Friday, November 20, 2015

Cache and SSL in Chrome on Ubuntu Linux

I had a hard time testing if cache headers I've added to static files are working. Firefox was working as supposed, while Chrome wasn't.

Here is the Nginx configuration I was testing:

    # static files
    location ~ ^/(***)?$ {
        root ***;
        try_files $uri /;
        add_header Cache-Control "max-age=3600";
        gzip on;
        #etag on;
        access_log off;
    }

I was trying different combinations to find out why sometimes the files where taken from cache (looking to developer's console in Chrome) and why other times Chrome was always making requests with response 200.

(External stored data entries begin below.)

Theorem lemmaA3 (R : realType) (n : nat) (G : 'M[int]_n) :
  (0 < n <= 20)%N ->
  even_lattice G ->
  hyperbolic_signature R G ->
  forall s : mvec int n, mukai G s s = -2 ->
  forall x : mvec R n,
    mukai (map_mx (fun z : int => z%:~R) G) x (mreal R s) = 0 ->
    0 < mukai (map_mx (fun z : int => z%:~R) G) x x ->
  forall eps : R, 0 < eps ->
  exists (v : mvec int n) (lam : R),
    [/\ mukai G v s = 0,
        0 < mukai G v v,
        ~ is_int_square (2 * mukai G v v),
        0 < lam
      & mclose eps (mscale lam (mreal R v)) x].
Proof.
move=> /andP[n_gt0 _] [symG _] hyp s ss x xs xx eps eps_gt0.
have eps2_gt0 : 0 < eps / 2 by rewrite divr_gt0.
have [u [lam [us uu lam_gt0 ux]]] := positive_integral_approx symG ss xs xx eps2_gt0.
have close_to_u v mu : mnorm (mu *: mreal R v - lam *: mreal R u) < eps / 2 ->
    mclose eps (mscale mu (mreal R v)) x.
  move=> vu; apply: mclose_mnorm; rewrite -(subrKA (lam *: mreal R u)).
  by apply: le_lt_trans (mnormD _ _) _; lra.
have [u_sq | u_nsq] := classic (is_int_square (2 * mukai G u u)); last first.
  exists u, lam; split => //; apply: close_to_u.
  by rewrite subrr -(scale0r 0) mnormZ normr0 mul0r.
have [t ts ut] :
    exists2 t, mukai G t s = 0 & mukai G u u * mukai G t t != mukai G u t ^+ 2.
  apply: NNPP => no_t; move/eqP: (hyperbolic_signature_neq0 n_gt0 hyp); apply.
  apply: (gram_eq0_of_proportional symG _ ss us) (lt0r_neq0 uu) => // t ts.
  by apply/eqP; case: eqP => // /eqP ut; case: no_t; exists t.
have [v [mu [vs vv v_nsq mu_gt0 vu]]] :=
  non_square_approx symG us uu u_sq ts ut lam_gt0 eps2_gt0.
by exists v, mu; split => //; apply: close_to_u.
Qed.
Lemma block_count_oscillation L0 B :
  (forall n, blocks_couple (L0 * B ^ n) B) ->
  forall n a a', block_count (L0 * B ^ n) a <= block_count (L0 * B ^ n) a' + (B - 1) ^ n * L0.
Proof.
  intros Hcouple n. induction n as [|n IH]; intros a a'.
  - rewrite !Nat.pow_0_r, Nat.mul_1_r, Nat.mul_1_l.
    pose proof (sum_below_b2n_le (fun i => P (a * L0 + i)) L0). unfold block_count. lia.
  - replace (L0 * B ^ S n) with (B * (L0 * B ^ n)) by (rewrite Nat.pow_succ_r'; ring).
    rewrite !block_count_mul, Nat.pow_succ_r', <- Nat.mul_assoc.
    destruct (Hcouple n a a') as (c & c' & Hc & Hc' & Hcc).
    apply sum_below_spread with c c'; auto.
Qed.

Local Open Scope R_scope.

Lemma count_ratio_approx L D N :
  (0 < L)%nat -> (0 < N)%nat -> (forall a a', block_count L a <= block_count L a' + D)%nat ->
  Rabs (INR (count N) / INR N - INR (block_count L 0) / INR L)
  <= INR D / INR L + INR L / INR N.
Proof.
  intros HL HN Hosc.
  pose proof (Nat.div_mod_eq N L) as EN.
  pose proof (Nat.mod_upper_bound N L ltac:(lia)) as Hr.
  set (Q := (N / L)%nat) in *. set (r := (N mod L)%nat) in *. set (c0 := block_count L 0).
  set (bulk := sum_below (block_count L) Q).
  set (tail := sum_below (fun i => Nat.b2n (P (Q * L + i)%nat)) r).
  assert (EC : count N = (bulk + tail)%nat)
    by (replace N with (Q * L + r)%nat by lia; apply count_split).
  assert (Htail : (tail <= r)%nat) by apply sum_below_b2n_le.
  assert (Hc0 : (c0 <= L)%nat) by apply sum_below_b2n_le.
  assert (Hbulk1 : (bulk <= Q * (c0 + D))%nat)
    by (apply sum_below_le_const; intros; apply Hosc).
  assert (Hbulk2 : (Q * c0 <= bulk + Q * D)%nat).
  { pose proof (sum_below_ge_const (fun a => block_count L a + D)%nat c0 Q) as Hge.
    rewrite sum_below_plus, sum_below_const in Hge. apply Hge; intros; apply Hosc. }
  assert (HrL : (r <= L)%nat) by lia.
  replace (INR N) with (INR Q * INR L + INR r)
    by (rewrite <- mult_INR, <- plus_INR; f_equal; lia).
  rewrite EC, plus_INR.
  apply le_INR in Htail, Hc0, Hbulk1, Hbulk2, HrL.
  rewrite mult_INR, plus_INR in Hbulk1. rewrite plus_INR, !mult_INR in Hbulk2.
  assert (0 < INR L) by (apply lt_0_INR; lia).
  assert (0 < INR Q * INR L + INR r)
    by (rewrite <- mult_INR, <- plus_INR; apply lt_0_INR; lia).
  pose proof (pos_INR c0). pose proof (pos_INR tail).
  apply Rabs_ratio_error_le; try apply pos_INR; lra.
Qed.
(* There exist six hyperplanes $W_1,\dots,W_6\subset\mathbb R^4$ which do phase retrieval on $\mathbb R^4$, but such that the one-dimensional subspaces $\{W_i^\perp\}_{i=1}^6$ do not do phase retrieval on $\mathbb R^4$.
   Context: A hyperplane in $\mathbb R^4$ is a 3-dimensional subspace. A family of subspaces $\{W_i\}$ with orthogonal projections $P_i$ does phase retrieval if whenever $x,y\in\mathbb R^4$ satisfy $\|P_ix\|=\|P_iy\|$ for all $i$, then $x=\pm y$. *)

From HB Require Import structures.
From mathcomp Require Import all_boot all_order all_algebra.
From mathcomp Require Import reals.
Set Implicit Arguments. Unset Strict Implicit. Unset Printing Implicit Defensive.
Import Order.TTheory GRing.Theory Num.Theory.
Local Open Scope ring_scope.

(* Vectors of R^n are row vectors 'rV[R]_n with the standard inner product
   <x, y> = x *m y^T.  A subspace of R^n is represented by a matrix whose
   ROW SPACE is that subspace (mxalgebra convention). *)

Section PR.
Variable R : rcfType.

Definition vnorm (n : nat) (x : 'rV[R]_n) : R := Num.sqrt (\sum_(i < n) x 0 i ^+ 2).

(* Matrix (acting on row vectors by right multiplication) of the orthogonal
   projection onto the row space of W:  P = B^T (B B^T)^{-1} B, where B is a
   basis (row_base) of the row space of W. *)
Definition orth_proj (m n : nat) (W : 'M[R]_(m, n)) : 'M[R]_n :=
  let B := row_base W in B^T *m invmx (B *m B^T) *m B.
(* Let $n \ge 3$ and let $x_1 < x_2 < \dots < x_n$ be real numbers. Then the maximum likelihood estimate $\hat\theta$ of the sample from the Cauchy distribution satisfies $$\left|\hat\theta - \frac{x_1+x_n}{2}\right| \le \frac{x_n - x_1}{2}.$$
   Context: $\mathbb{H} = \{\theta\in\mathbb{C}:\Im\theta>0\}$. The Cauchy distribution with parameter $\theta = \mu + i\sigma\in\mathbb{H}$ has density $f(x;\theta) = \frac{\sigma}{\pi}\frac{1}{(x-\mu)^2+\sigma^2}$; the maximum likelihood estimate is the (unique) maximizer over $\mathbb{H}$ of $\prod_{j=1}^n f(x_j;\theta)$. *)

From HB Require Import structures.
From mathcomp Require Import all_boot all_order all_algebra.
From mathcomp Require Import complex.
From mathcomp Require Import reals trigo.
Set Implicit Arguments. Unset Strict Implicit. Unset Printing Implicit Defensive.
Import Order.TTheory GRing.Theory Num.Theory.
Local Open Scope ring_scope.
Local Open Scope complex_scope.

Definition upper_half_plane (R : realType) : pred R[i] := fun t => 0 < complex.Im t.

Definition cauchy_density (R : realType) (theta : R[i]) (x : R) : R :=
  complex.Im theta / (pi * ((x - complex.Re theta) ^+ 2 + complex.Im theta ^+ 2)).

(* Likelihood of the sample x_0, ..., x_(n-1) (0-indexed). *)
Definition cauchy_likelihood (R : realType) (n : nat) (x : nat -> R)
  (theta : R[i]) : R := \prod_(i < n) cauchy_density theta (x i).

Definition is_cauchy_MLE (R : realType) (n : nat) (x : nat -> R)
  (theta : R[i]) : Prop :=
  theta \in @upper_half_plane R /\
  forall t : R[i], t \in @upper_half_plane R ->
    cauchy_likelihood n x t <= cauchy_likelihood n x theta.

Definition cmod (R : realType) (z : R[i]) : R :=
  Num.sqrt (complex.Re z ^+ 2 + complex.Im z ^+ 2).

From HB Require Import structures.
From mathcomp Require Import all_boot all_order all_algebra.
From mathcomp Require Import complex.
From mathcomp Require Import reals trigo.
From mathcomp Require Import ring lra.
Set Implicit Arguments. Unset Strict Implicit. Unset Printing Implicit Defensive.
Import Order.TTheory GRing.Theory Num.Theory.
Local Open Scope ring_scope.
Local Open Scope complex_scope.

(* Let c and r be the midpoint and half-length of [x_1, x_n] and suppose that
   |theta - c| > r.  Writing theta - c = a + i b and u = x - c, the homothety of
   centre c and ratio k = r^2 / (a^2 + b^2) < 1 turns the density
   b / (pi ((u - a)^2 + b^2)) at x into k b / (pi ((u - k a)^2 + k^2 b^2)), and
     b ((u - k a)^2 + k^2 b^2) - k b ((u - a)^2 + b^2) = b (1 - k) (u^2 - r^2).
   So the density does not decrease at any point of [x_1, x_n] and increases at
   x_2: the likelihood strictly increases, contradicting maximality. *)

Lemma ltr_prod_le_lt (R : numDomainType) (I : finType) (E1 E2 : I -> R) (i0 : I) :
  (forall i, 0 < E1 i <= E2 i) -> E1 i0 < E2 i0 -> \prod_i E1 i < \prod_i E2 i.
Proof.
move=> E12 lt_i0; rewrite (bigD1 i0) //= [X in _ < X](bigD1 i0) //=.
have E1_gt0 i : 0 < E1 i by case/andP: (E12 i).
have le_rest : \prod_(i | i != i0) E1 i <= \prod_(i | i != i0) E2 i.
  by apply: ler_prod => i _; rewrite ltW ?(E1_gt0 i) ?(andP (E12 i)).2.
apply: (lt_le_trans (y := E2 i0 * \prod_(i | i != i0) E1 i)).
  by rewrite ltr_pM2r // prodr_gt0.
by rewrite ler_pM2l // (lt_trans (E1_gt0 i0)).
Qed.

Lemma sorted_sample_between (R : numDomainType) n (x : nat -> R) :
  (forall i j : nat, (i < j)%N -> (j < n)%N -> x i < x j) ->
  forall j, (j < n)%N -> x 0%N <= x j <= x n.-1.
Proof.
move=> hx j lt_jn.
have le_jn1 : (j <= n.-1)%N by rewrite -ltnS prednK // (leq_ltn_trans _ lt_jn).
apply/andP; split.
  by case: j lt_jn {le_jn1} => // j lt_jn; rewrite ltW ?hx.
move: le_jn1; rewrite leq_eqVlt => /orP[/eqP -> //| lt_jn1].
by rewrite ltW ?hx // prednK // (leq_ltn_trans _ lt_jn).
Qed.

Section CauchyHomothety.
Variable R : realType.
Implicit Types (c k x : R) (theta : R[i]).

Definition homothety c k theta : R[i] :=
  (c + k * (complex.Re theta - c)) +i* (k * complex.Im theta).

Lemma cmod_sub_real_sqr theta c :
  cmod (theta - c%:C) ^+ 2 = (complex.Re theta - c) ^+ 2 + complex.Im theta ^+ 2.
Proof.
case: theta => a b; rewrite /cmod sqr_sqrtr /=; first by rewrite subr0.
by rewrite addr_ge0 // sqr_ge0.
Qed.

Lemma cauchy_density_gt0 theta x :
  0 < complex.Im theta -> 0 < cauchy_density theta x.
Proof.
move=> Him; rewrite divr_gt0 // mulr_gt0 ?pi_gt0 //.
by rewrite ltr_wpDl ?sqr_ge0 ?exprn_gt0.
Qed.

Lemma homothety_in_upper_half_plane c k theta :
  0 < k -> theta \in @upper_half_plane R -> homothety c k theta \in @upper_half_plane R.
Proof. by move=> k_gt0; rewrite /in_mem /= /upper_half_plane /= => /(mulr_gt0 k_gt0). Qed.

Let cauchy_density_homothety_difference c k theta x :
  complex.Im theta * (pi * ((x - complex.Re (homothety c k theta)) ^+ 2
                             + complex.Im (homothety c k theta) ^+ 2))
  - k * complex.Im theta * (pi * ((x - complex.Re theta) ^+ 2 + complex.Im theta ^+ 2))
  = complex.Im theta * pi * (1 - k)
    * ((x - c) ^+ 2 - k * cmod (theta - c%:C) ^+ 2).
Proof. by rewrite cmod_sub_real_sqr /=; ring. Qed.

Lemma ler_cauchy_density_homothety c k theta x :
  0 < complex.Im theta -> 0 < k < 1 ->
  (cauchy_density theta x <= cauchy_density (homothety c k theta) x)
  = ((x - c) ^+ 2 <= k * cmod (theta - c%:C) ^+ 2).
Proof.
move=> Him /andP[k_gt0 k_lt1].
rewrite /cauchy_density ler_pdivlMr; last first.
  by rewrite mulr_gt0 ?pi_gt0 // ltr_wpDl ?sqr_ge0 ?exprn_gt0 // mulr_gt0.
rewrite mulrAC ler_pdivrMr; last by rewrite mulr_gt0 ?pi_gt0 // ltr_wpDl ?sqr_ge0 ?exprn_gt0.
rewrite -subr_le0 cauchy_density_homothety_difference pmulr_rle0 ?subr_le0 //.
by rewrite !mulr_gt0 ?pi_gt0 ?subr_gt0.
Qed.

Lemma ltr_cauchy_density_homothety c k theta x :
  0 < complex.Im theta -> 0 < k < 1 ->
  (cauchy_density theta x < cauchy_density (homothety c k theta) x)
  = ((x - c) ^+ 2 < k * cmod (theta - c%:C) ^+ 2).
Proof.
move=> Him /andP[k_gt0 k_lt1].
rewrite /cauchy_density ltr_pdivlMr; last first.
  by rewrite mulr_gt0 ?pi_gt0 // ltr_wpDl ?sqr_ge0 ?exprn_gt0 // mulr_gt0.
rewrite mulrAC ltr_pdivrMr; last by rewrite mulr_gt0 ?pi_gt0 // ltr_wpDl ?sqr_ge0 ?exprn_gt0.
rewrite -subr_lt0 cauchy_density_homothety_difference pmulr_rlt0 ?subr_lt0 //.
by rewrite !mulr_gt0 ?pi_gt0 ?subr_gt0.
Qed.

Lemma cauchy_likelihood_homothety_lt n (x : nat -> R) c (r : R) theta (j0 : nat) :
  0 < complex.Im theta ->
  (forall j, (j < n)%N -> (x j - c) ^+ 2 <= r ^+ 2) ->
  (j0 < n)%N -> (x j0 - c) ^+ 2 < r ^+ 2 ->
  r ^+ 2 < cmod (theta - c%:C) ^+ 2 ->
  cauchy_likelihood n x theta
  < cauchy_likelihood n x (homothety c (r ^+ 2 / cmod (theta - c%:C) ^+ 2) theta).
Proof.
move=> Him x_le lt_j0 x_lt r_lt; set k := _ / _.
have r2_gt0 : 0 < r ^+ 2 := le_lt_trans (sqr_ge0 _) x_lt.
have k_bounds : 0 < k < 1.
  by rewrite /k divr_gt0 ?ltr_pdivrMr ?mul1r // (lt_trans r2_gt0).
have r2E : k * cmod (theta - c%:C) ^+ 2 = r ^+ 2 by rewrite divfK // gt_eqF ?(lt_trans r2_gt0).
apply: (@ltr_prod_le_lt _ 'I_n _ _ (Ordinal lt_j0)) => [[j lt_jn]|] /=.
  by rewrite cauchy_density_gt0 ?ler_cauchy_density_homothety ?r2E ?x_le.
by rewrite ltr_cauchy_density_homothety ?r2E.
Qed.

End CauchyHomothety.

Theorem mainTheorem10 (R : realType) (n : nat) (x : nat -> R)
  (hn : (3 <= n)%N)
  (hx : forall i j : nat, (i < j)%N -> (j < n)%N -> x i < x j)
  (theta : R[i]) (hmle : is_cauchy_MLE n x theta) :
  cmod (theta - ((x 0%N + x n.-1) / 2)%:C) <= (x n.-1 - x 0%N) / 2.
Proof.
case: hmle => theta_in theta_max.
set c := (x 0%N + x n.-1) / 2; set r := (x n.-1 - x 0%N) / 2.
have lt_1n1 : (1 < n.-1)%N by case: (n) hn => [|[|[|m]]].
have lt_n1n : (n.-1 < n)%N by case: (n) hn.
have [x0_lt_x1 x1_lt_xn] : x 0%N < x 1%N /\ x 1%N < x n.-1.
  by split; apply: hx => //; apply: ltn_trans lt_n1n.
have x_near j : (j < n)%N -> (x j - c) ^+ 2 <= r ^+ 2.
  by move=> /(sorted_sample_between hx) /andP[? ?]; rewrite /c /r; nra.
have x1_near : (x 1%N - c) ^+ 2 < r ^+ 2 by rewrite /c /r; nra.
have r_gt0 : 0 < r by rewrite /r; lra.
rewrite leNgt; apply/negP => r_lt.
have r2_lt : r ^+ 2 < cmod (theta - c%:C) ^+ 2.
  by rewrite ltr_pXn2r ?nnegrE ?sqrtr_ge0 ?ltW.
have k_gt0 : 0 < r ^+ 2 / cmod (theta - c%:C) ^+ 2.
  by rewrite divr_gt0 ?exprn_gt0 // (lt_trans r_gt0).
have := cauchy_likelihood_homothety_lt (j0 := 1%N) theta_in x_near
  (ltn_trans lt_1n1 lt_n1n) x1_near r2_lt.
by rewrite ltNge theta_max ?homothety_in_upper_half_plane.
Qed.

My tests showed that my Chrome was using cache if both Cache-Control and ETag headers where present. The problem is that if `etag on` directive is enabled together with `gzip on`, etags are not generated: https://trac.nginx.org/nginx/ticket/377

When I disable gzip and enable etag, cache works ok.

But my colleagues say that in their browsers, including Chrome on OSX cache works as expected.

It turned out that the server I was testing on had a self signed certificate, and Chrome has issues with caching in such cases: https://code.google.com/p/chromium/issues/detail?id=110649

I tried to export the certificate and import it back as a trusted certificate, but it didn't work. They say:

Google Chrome in Linux doesn’t have a SSL certificate manager, it relies on the NSS Shared DB.


Now cache works as expected in my Chrome on Ubuntu Linux.